Exercise:
Up to and including the final line, retype each line of the records below, starting with the one that contains "rewrite at1_phi_nonexc /nonexc".

Listed records:
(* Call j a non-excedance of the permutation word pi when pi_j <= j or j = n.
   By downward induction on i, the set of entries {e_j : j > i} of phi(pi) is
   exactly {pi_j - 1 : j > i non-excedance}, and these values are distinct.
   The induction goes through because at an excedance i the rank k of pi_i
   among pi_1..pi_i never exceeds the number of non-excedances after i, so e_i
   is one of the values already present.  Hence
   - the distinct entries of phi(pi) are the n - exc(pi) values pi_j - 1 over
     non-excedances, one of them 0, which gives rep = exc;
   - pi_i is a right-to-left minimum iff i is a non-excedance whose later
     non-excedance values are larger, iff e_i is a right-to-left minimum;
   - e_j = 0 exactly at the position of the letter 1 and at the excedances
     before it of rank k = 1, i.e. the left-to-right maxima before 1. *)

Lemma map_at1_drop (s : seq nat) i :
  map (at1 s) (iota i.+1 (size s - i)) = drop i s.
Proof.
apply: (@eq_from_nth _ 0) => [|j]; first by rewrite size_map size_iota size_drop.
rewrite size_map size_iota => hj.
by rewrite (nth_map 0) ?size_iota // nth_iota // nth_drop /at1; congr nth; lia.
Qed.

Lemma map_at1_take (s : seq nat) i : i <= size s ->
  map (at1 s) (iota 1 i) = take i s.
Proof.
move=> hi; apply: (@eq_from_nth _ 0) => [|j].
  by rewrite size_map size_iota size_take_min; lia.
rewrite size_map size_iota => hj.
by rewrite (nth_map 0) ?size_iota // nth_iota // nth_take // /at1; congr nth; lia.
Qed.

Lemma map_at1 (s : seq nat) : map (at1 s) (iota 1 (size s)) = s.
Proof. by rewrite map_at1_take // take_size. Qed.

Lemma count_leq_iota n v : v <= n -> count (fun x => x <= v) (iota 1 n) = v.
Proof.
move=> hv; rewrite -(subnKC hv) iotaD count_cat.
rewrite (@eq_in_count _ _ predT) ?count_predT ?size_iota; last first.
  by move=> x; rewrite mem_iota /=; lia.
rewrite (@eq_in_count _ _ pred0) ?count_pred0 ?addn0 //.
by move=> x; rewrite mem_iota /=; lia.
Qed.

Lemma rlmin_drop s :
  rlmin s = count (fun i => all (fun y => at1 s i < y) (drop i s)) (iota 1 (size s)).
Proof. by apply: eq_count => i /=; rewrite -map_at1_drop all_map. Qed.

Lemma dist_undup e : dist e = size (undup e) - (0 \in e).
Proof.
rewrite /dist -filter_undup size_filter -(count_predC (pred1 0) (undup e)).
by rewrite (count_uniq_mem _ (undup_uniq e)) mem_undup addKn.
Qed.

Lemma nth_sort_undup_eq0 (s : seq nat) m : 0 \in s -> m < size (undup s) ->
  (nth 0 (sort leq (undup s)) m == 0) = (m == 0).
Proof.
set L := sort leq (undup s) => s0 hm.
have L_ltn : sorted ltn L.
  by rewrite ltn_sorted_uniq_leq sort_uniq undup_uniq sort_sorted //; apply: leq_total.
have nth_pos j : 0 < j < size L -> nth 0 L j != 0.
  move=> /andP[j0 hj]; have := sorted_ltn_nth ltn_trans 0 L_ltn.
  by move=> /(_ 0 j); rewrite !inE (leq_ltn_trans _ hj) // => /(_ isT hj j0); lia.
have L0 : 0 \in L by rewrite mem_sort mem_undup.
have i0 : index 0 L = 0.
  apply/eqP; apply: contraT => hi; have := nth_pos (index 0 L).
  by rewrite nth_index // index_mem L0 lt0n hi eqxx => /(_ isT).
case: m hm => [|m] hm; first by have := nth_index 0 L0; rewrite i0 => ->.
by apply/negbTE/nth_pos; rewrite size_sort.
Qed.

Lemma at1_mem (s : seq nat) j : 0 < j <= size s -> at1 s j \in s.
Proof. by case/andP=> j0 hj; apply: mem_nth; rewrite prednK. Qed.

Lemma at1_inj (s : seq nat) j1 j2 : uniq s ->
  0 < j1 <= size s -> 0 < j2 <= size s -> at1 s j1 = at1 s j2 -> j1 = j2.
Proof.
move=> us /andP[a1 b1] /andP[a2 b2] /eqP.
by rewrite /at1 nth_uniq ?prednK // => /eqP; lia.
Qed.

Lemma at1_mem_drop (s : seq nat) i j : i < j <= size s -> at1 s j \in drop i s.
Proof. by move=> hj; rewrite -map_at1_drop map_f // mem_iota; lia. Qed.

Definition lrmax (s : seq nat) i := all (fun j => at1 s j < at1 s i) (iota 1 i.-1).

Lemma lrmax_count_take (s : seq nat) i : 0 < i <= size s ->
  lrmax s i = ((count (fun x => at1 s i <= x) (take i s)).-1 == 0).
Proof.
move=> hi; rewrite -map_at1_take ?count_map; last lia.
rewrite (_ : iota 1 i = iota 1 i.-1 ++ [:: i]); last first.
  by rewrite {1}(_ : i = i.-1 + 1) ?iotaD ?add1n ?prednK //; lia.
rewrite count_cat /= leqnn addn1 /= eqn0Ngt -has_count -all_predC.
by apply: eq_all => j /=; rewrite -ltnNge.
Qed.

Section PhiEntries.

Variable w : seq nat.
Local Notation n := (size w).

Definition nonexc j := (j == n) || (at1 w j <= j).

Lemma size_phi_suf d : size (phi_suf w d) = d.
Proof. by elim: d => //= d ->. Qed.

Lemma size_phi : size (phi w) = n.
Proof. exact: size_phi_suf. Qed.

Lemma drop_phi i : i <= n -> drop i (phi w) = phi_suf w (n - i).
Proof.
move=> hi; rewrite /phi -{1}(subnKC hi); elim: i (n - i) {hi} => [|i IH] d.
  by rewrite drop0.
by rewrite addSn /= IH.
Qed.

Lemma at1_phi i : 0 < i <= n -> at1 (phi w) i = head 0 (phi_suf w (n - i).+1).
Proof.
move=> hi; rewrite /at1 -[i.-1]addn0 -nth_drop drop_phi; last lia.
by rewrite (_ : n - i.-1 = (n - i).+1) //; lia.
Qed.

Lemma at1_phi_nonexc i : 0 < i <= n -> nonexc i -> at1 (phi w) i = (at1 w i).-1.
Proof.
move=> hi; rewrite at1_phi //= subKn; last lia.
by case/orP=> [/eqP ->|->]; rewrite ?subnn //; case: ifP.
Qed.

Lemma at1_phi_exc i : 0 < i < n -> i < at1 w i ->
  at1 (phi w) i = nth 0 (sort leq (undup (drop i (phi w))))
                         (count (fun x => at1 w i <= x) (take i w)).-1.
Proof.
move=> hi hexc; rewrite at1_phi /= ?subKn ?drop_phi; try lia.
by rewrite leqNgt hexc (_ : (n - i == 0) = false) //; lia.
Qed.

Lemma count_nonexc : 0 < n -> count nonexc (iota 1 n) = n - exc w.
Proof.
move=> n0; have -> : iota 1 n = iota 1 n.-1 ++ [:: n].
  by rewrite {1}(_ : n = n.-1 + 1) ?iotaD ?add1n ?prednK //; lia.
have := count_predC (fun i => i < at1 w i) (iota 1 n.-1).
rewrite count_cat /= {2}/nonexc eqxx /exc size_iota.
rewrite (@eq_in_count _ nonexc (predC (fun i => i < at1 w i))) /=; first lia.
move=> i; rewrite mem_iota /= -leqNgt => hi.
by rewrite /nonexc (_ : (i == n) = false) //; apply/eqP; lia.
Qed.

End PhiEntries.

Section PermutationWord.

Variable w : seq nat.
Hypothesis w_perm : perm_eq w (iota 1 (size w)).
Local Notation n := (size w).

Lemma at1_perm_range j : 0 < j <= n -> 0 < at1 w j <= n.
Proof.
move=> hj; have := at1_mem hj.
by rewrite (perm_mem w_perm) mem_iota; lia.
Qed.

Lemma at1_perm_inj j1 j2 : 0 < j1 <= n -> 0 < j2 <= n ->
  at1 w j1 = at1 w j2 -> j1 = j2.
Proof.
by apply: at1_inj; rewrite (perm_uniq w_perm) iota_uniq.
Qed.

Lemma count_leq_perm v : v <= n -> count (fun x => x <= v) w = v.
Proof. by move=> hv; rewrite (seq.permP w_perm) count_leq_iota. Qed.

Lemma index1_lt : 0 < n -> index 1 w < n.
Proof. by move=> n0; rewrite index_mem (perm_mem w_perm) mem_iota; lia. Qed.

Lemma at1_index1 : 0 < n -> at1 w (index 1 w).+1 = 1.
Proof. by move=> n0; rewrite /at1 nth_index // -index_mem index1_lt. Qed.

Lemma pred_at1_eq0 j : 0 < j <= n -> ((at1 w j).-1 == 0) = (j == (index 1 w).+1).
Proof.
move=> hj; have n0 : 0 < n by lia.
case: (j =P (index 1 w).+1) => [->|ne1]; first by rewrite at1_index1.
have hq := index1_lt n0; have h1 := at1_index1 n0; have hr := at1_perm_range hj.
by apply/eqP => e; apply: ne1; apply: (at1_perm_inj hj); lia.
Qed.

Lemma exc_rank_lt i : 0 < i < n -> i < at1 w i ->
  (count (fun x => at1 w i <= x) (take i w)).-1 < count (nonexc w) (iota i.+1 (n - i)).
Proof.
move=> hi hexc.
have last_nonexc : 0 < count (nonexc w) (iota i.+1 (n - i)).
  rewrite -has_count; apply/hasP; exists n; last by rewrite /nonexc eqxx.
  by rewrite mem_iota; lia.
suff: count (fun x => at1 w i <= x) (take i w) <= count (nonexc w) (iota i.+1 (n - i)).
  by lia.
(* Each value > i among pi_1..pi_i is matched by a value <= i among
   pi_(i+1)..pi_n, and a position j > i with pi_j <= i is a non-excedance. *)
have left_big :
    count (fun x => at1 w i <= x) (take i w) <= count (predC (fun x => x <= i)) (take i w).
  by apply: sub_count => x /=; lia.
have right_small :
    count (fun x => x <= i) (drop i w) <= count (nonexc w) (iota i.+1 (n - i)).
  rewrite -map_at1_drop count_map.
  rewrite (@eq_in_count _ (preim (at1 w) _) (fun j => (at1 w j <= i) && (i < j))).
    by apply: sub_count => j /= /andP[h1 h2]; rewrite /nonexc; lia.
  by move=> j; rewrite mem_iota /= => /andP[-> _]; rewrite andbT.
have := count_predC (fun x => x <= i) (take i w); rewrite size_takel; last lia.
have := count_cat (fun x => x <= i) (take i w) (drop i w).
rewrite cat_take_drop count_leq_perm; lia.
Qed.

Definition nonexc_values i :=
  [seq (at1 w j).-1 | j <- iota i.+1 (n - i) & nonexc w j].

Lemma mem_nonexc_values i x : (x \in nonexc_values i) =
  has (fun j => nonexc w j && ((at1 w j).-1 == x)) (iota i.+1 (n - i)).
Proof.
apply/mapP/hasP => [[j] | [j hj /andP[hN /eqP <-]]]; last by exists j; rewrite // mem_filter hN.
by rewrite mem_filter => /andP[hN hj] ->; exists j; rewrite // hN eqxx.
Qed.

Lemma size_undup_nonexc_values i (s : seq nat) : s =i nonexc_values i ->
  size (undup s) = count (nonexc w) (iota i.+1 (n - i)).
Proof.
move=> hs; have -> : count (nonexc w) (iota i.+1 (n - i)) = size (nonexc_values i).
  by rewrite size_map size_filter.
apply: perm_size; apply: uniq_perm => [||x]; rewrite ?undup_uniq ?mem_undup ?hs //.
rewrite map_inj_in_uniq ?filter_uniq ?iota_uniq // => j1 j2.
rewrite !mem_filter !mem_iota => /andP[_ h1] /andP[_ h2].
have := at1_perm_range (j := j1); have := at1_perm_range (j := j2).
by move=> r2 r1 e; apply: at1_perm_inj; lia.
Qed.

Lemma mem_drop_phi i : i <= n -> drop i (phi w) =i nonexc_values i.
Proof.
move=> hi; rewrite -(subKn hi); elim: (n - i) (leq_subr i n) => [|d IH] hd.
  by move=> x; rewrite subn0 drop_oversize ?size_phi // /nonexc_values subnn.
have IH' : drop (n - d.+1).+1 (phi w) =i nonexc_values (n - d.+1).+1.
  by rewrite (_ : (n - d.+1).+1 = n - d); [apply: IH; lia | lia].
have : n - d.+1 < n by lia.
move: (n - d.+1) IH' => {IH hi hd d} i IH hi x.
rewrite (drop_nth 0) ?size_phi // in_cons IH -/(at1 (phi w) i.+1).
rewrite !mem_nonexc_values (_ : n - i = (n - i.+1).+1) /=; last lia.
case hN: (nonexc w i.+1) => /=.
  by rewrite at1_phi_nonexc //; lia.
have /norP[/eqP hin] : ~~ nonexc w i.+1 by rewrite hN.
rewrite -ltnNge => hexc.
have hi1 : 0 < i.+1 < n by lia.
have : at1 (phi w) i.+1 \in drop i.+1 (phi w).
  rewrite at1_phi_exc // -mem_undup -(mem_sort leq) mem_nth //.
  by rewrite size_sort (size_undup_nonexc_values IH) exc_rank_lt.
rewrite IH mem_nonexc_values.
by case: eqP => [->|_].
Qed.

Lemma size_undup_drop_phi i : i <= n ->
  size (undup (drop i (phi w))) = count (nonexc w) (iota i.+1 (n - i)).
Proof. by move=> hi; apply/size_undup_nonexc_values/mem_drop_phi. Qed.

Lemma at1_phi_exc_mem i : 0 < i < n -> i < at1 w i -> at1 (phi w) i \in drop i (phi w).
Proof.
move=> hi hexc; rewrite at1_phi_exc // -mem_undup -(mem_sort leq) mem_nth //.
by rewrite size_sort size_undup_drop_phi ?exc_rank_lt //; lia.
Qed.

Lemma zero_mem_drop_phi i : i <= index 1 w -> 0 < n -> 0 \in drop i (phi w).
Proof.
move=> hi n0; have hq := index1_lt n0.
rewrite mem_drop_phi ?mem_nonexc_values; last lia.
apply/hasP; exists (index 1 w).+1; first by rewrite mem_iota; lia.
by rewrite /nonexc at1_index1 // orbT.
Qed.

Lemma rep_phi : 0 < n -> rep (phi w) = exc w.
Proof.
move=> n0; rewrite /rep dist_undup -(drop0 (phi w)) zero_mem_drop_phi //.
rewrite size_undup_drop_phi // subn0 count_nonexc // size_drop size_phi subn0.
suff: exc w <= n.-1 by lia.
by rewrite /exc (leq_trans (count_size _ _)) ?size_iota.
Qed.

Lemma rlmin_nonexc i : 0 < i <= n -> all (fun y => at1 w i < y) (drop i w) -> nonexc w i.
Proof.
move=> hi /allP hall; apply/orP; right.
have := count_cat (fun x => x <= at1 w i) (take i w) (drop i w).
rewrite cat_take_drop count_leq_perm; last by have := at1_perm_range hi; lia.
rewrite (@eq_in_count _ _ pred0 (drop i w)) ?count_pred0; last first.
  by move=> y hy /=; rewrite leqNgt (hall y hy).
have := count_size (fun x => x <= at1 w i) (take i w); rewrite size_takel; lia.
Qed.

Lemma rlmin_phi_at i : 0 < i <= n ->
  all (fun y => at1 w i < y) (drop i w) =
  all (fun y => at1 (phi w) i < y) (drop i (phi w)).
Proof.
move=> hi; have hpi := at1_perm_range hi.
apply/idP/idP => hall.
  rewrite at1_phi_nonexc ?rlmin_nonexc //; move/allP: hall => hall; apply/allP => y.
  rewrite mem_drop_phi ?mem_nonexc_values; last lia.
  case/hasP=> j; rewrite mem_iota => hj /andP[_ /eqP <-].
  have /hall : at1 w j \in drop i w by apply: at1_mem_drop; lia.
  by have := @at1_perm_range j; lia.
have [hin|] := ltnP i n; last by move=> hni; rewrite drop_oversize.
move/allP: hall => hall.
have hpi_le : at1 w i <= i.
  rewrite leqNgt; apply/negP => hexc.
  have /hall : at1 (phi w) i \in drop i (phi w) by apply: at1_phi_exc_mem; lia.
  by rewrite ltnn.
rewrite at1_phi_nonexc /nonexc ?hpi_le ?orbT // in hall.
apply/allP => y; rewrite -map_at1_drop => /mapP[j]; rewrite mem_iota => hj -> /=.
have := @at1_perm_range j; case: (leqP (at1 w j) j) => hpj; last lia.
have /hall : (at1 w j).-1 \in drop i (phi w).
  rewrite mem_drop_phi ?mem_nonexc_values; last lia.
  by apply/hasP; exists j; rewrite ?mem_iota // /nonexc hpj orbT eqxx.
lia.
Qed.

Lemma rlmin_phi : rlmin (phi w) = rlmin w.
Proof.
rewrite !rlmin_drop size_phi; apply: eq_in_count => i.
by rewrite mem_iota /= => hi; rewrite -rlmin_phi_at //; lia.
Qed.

Response area:
rewrite at1_phi_nonexc /nonexc ?hpi_le ?orbT // in hall.
apply/allP => y; rewrite -map_at1_drop => /mapP[j]; rewrite mem_iota => hj -> /=.
have := @at1_perm_range j; case: (leqP (at1 w j) j) => hpj; last lia.
have /hall : (at1 w j).-1 \in drop i (phi w).
  rewrite mem_drop_phi ?mem_nonexc_values; last lia.
  by apply/hasP; exists j; rewrite ?mem_iota // /nonexc hpj orbT eqxx.
lia.
Qed.

Lemma rlmin_phi : rlmin (phi w) = rlmin w.
Proof.
rewrite !rlmin_drop size_phi; apply: eq_in_count => i.
by rewrite mem_iota /= => hi; rewrite -rlmin_phi_at //; lia.
Qed.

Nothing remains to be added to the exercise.